# Available data
⁂

(* S has more points than an (r+1)-dimensional space, so v >= r + 2. *)
Lemma rank_space_ge : (r.+2 <= v)%N.
Proof.
have := card_points (fun P => P \in S) (1%:M : 'M[K]_v).
have -> : [set P | is_point P && (P \in S) && (P <= 1%:M)%MS] = S.
  apply/setP=> P; rewrite inE submx1 andbT; apply/idP/idP => [/andP[] //|PS].
  by rewrite PS andbT; exact: S_points.
have ub : (#|[set y : 'rV[K]_v | (y != 0%R) && (<<y>>%MS \in S) && (y <= 1%:M)%MS]|
             <= q ^ v - 1)%N.
  have := cardsD1 0 [set y : 'rV[K]_v | (y <= 1%:M)%MS].
  rewrite inE sub0mx card_submx mxrank1 add1n => ->.
  rewrite subn1 /=; apply: subset_leq_card; apply/subsetP => y.
  by rewrite !inE => /andP[/andP[-> _] ->].
move=> e; rewrite -e card_S in ub; rewrite ltnNge; apply/negP => vle.
have le_v : (q ^ v <= q ^ r.+1)%N by apply: leq_pexp2l; first exact: ltnW.
have a_gt0 : (0 < q ^ r.+1)%N by rewrite expn_gt0 ltnW.
exact: few_points_arith q_gt1 a_gt0 le_v ub.
Qed.

(* There are more points outside F than points in S, so a hole exists. *)
Lemma exists_hole : exists P0, [/\ is_point P0, ~~ (P0 <= F)%MS & P0 \notin S].
Proof.
have /existsP [P0 /andP[/andP[pP0 nF0] nS0]] :
    [exists P0, is_point P0 && ~~ (P0 <= F)%MS && (P0 \notin S)]; last by exists P0.
apply: contraT; rewrite negb_exists => /forallP no_hole.
have := card_points (fun P => ~~ (P <= F)%MS) (1%:M : 'M[K]_v).
have le_S : (#|[set P | is_point P && ~~ (P <= F)%MS && (P <= 1%:M)%MS]| <= #|S|)%N.
  apply: subset_leq_card; apply/subsetP => P; rewrite inE => /andP[/andP[pP nP] _].
  by move: (no_hole P); rewrite pP nP /= negbK.
have -> : [set y : 'rV[K]_v | (y != 0) && ~~ (<<y>> <= F)%MS && (y <= 1%:M)%MS] =
          ~: [set y : 'rV[K]_v | (y <= F)%MS].
  apply/setP => y; rewrite !inE genmxE submx1 andbT.
  apply/idP/idP => [/andP[]//|nyF]; rewrite nyF andbT.
  by apply: contra nyF => /eqP ->; exact: sub0mx.
have cC := cardsC [set y : 'rV[K]_v | (y <= F)%MS].
rewrite card_submx rank_F card_mx mul1n in cC.
move=> e; have := leq_mul le_S (leqnn q.-1); rewrite e card_S expnS => le_out.
have le_v : (q ^ r.+2 <= q ^ v)%N.
  by apply: leq_pexp2l; [exact: ltnW | exact: rank_space_ge].
rewrite !expnS in le_v.
have a_gt0 : (0 < q ^ r)%N by rewrite expn_gt0 ltnW.
by case: (many_outside_arith q_gt1 a_gt0 le_v cC le_out).
Qed.

Lemma S_avoids_F P : P \in S -> ~~ (P <= F)%MS.
Proof.
move=> PS; have [P0 [pP0 nF0 nS0]] := exists_hole.
apply: contra (hole_isolates pP0 nF0 nS0 PS) => PF.
exact: submx_trans PF (addsmxSl _ _).
Qed.

(* S is a union of fibres (F + P) \ F: a point of such a fibre missing from
   S would be a hole whose fibre meets S. *)
Lemma S_fibre_closed P P' : P \in S -> is_point P' -> ~~ (P' <= F)%MS ->
  (P' <= F + P)%MS -> P' \in S.
Proof.
move=> PS pP' nF' sP'; apply/negPn/negP => nS'.
have := hole_isolates pP' nF' nS' PS.
by rewrite (adds_point_sym pP' (S_points PS) nF' (S_avoids_F PS) sP').
Qed.

(* The fibres of S are represented by their points in the complement W_0. *)
Definition base : {set 'M[K]_v} := [set Q in S | (Q <= compl r F 0)%MS].
Local Notation rep := (compl_point r F 0).

Lemma S_rep P : is_point P -> ~~ (P <= F)%MS -> (P \in S) = (rep P \in base).
Proof.
move=> pP nP; have [pX XW XFP nX] := compl_pointP rank_F 0 pP nP.
rewrite inE XW andbT; apply/idP/idP => [PS|XS].
  exact: S_fibre_closed PS pX nX XFP.
exact: S_fibre_closed XS pP nP (adds_point_sym pX pP nX nP XFP).
Qed.

Lemma adds_base P Q : is_point P -> ~~ (P <= F)%MS -> Q \in base ->
  (P <= F + Q)%MS = (Q == rep P).
Proof.
move=> pP nP; rewrite inE => /andP[QS QW].
have pQ : is_point Q := S_points QS; have nQ := S_avoids_F QS.
apply/idP/eqP => [/(adds_point_sym pP pQ nP nQ) QFP | ->].
  exact: (compl_point_uniq rank_F pP nP pQ QW QFP).
have [pX _ XFP nX] := compl_pointP rank_F 0 pP nP.
exact: adds_point_sym pX pP nX nP XFP.
Qed.

(* Each fibre has q^r points and S has q^(r+1), so there are q fibres. *)
Lemma card_base : #|base| = q.
Proof.
have fibre Q : Q \in base -> #|[set P in S | rep P == Q]| = (q ^ r)%N.
  move=> QB; have QS : Q \in S by move: QB; rewrite inE => /andP[].
  have := card_fibre (S_points QS) (S_avoids_F QS); rewrite rank_F => <-.
  apply: eq_card => P; rewrite !inE.
  case: (boolP (is_point P && ~~ (P <= F)%MS)) => [/andP[pP nP] | h].
    rewrite (S_rep pP nP) (adds_base pP nP QB) [Q == _]eq_sym.
    by case: eqP => [->|]; rewrite ?QB ?andbF.
  rewrite andFb; apply/negbTE; apply: contra h => /andP[PS _].
  by rewrite (S_avoids_F PS) andbT; exact: S_points PS.
have rep_base P : P \in S -> rep P \in base.
  by move=> PS; rewrite -(S_rep (S_points PS) (S_avoids_F PS)).
have := card_fibres rep_base fibre.
by rewrite card_S expnS => /eqP; rewrite eqn_mul2r expn_eq0 eqn0Ngt (ltnW q_gt1) /= => /eqP.
Qed.

Lemma S_cylinder : is_cylinder S r.
Proof.
pose Q (i : 'I_q) := enum_val (cast_ord (esym card_base) i).
have QS i : Q i \in S by have := enum_valP (cast_ord (esym card_base) i); rewrite inE => /andP[].
exists F, (fun i => (F + Q i)%MS); split => // [i|P pP].
  have pQ : is_point (Q i) := S_points (QS i).
  by split; [rewrite rank_adds_point ?S_avoids_F ?rank_F | exact: addsmxSl].
have -> : (\sum_(i < q) ((P <= F + Q i)%MS && ~~ (P <= F)%MS : nat))%N =
          (\sum_(B in base) ((P <= F + B)%MS && ~~ (P <= F)%MS : nat))%N.
  rewrite [RHS]big_enum_val /=.
  exact: (sum_cast (esym card_base)
            (fun j => ((P <= F + enum_val j)%MS && ~~ (P <= F)%MS : nat))).
case: (boolP (P <= F)%MS) => PF.
  rewrite big1 => [|B _]; last by rewrite andbF.
  by rewrite (negbTE (contraL (@S_avoids_F P) PF)).
rewrite (eq_bigr (fun B => (B == rep P : nat))) => [|B BB]; last first.
  by rewrite andbT adds_base.
rewrite (S_rep pP PF); case: (boolP (rep P \in base)) => h.
  rewrite (bigD1 (rep P)) //= eqxx big1 // => B /andP[_ nB].
  by rewrite (negbTE nB).
by rewrite big1 // => B BB; apply/eqP; rewrite eqb0; apply: contraNneq h => <-.
Qed.

End Cylinder.

Theorem mainTheorem10 (K : finFieldType) (v r : nat) (S : {set 'M[K]_v}) :
  (1 <= r)%N ->
  {subset S <= @is_point K v} ->
  divisible S (#|K| ^ r) ->
  spanning S ->
  #|S| = (#|K| ^ r.+1)%N ->
  contains_affine S r ->
  is_cylinder S r.
Proof.
move=> r_gt0 S_points S_div _ card_S [L [F [rank_L rank_F _ S_affine]]].
exact: S_cylinder r_gt0 S_points S_div card_S rank_L rank_F S_affine.
Qed.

⁂

# What you should do
Could you repeat exactly the lines above from the line with "Lemma S_rep P" up to and including the line with "move=> QB; have", and only those?

# Response
Lemma S_rep P : is_point P -> ~~ (P <= F)%MS -> (P \in S) = (rep P \in base).
Proof.
move=> pP nP; have [pX XW XFP nX] := compl_pointP rank_F 0 pP nP.
rewrite inE XW andbT; apply/idP/idP => [PS|XS].
  exact: S_fibre_closed PS pX nX XFP.
exact: S_fibre_closed XS pP nP (adds_point_sym pX pP nX nP XFP).
Qed.

Lemma adds_base P Q : is_point P -> ~~ (P <= F)%MS -> Q \in base ->
  (P <= F + Q)%MS = (Q == rep P).
Proof.
move=> pP nP; rewrite inE => /andP[QS QW].
have pQ : is_point Q := S_points QS; have nQ := S_avoids_F QS.
apply/idP/eqP => [/(adds_point_sym pP pQ nP nQ) QFP | ->].
  exact: (compl_point_uniq rank_F pP nP pQ QW QFP).
have [pX _ XFP nX] := compl_pointP rank_F 0 pP nP.
exact: adds_point_sym pX pP nX nP XFP.
Qed.

(* Each fibre has q^r points and S has q^(r+1), so there are q fibres. *)
Lemma card_base : #|base| = q.
Proof.
have fibre Q : Q \in base -> #|[set P in S | rep P == Q]| = (q ^ r)%N.
  move=> QB; have QS : Q \in S by move: QB; rewrite inE => /andP[].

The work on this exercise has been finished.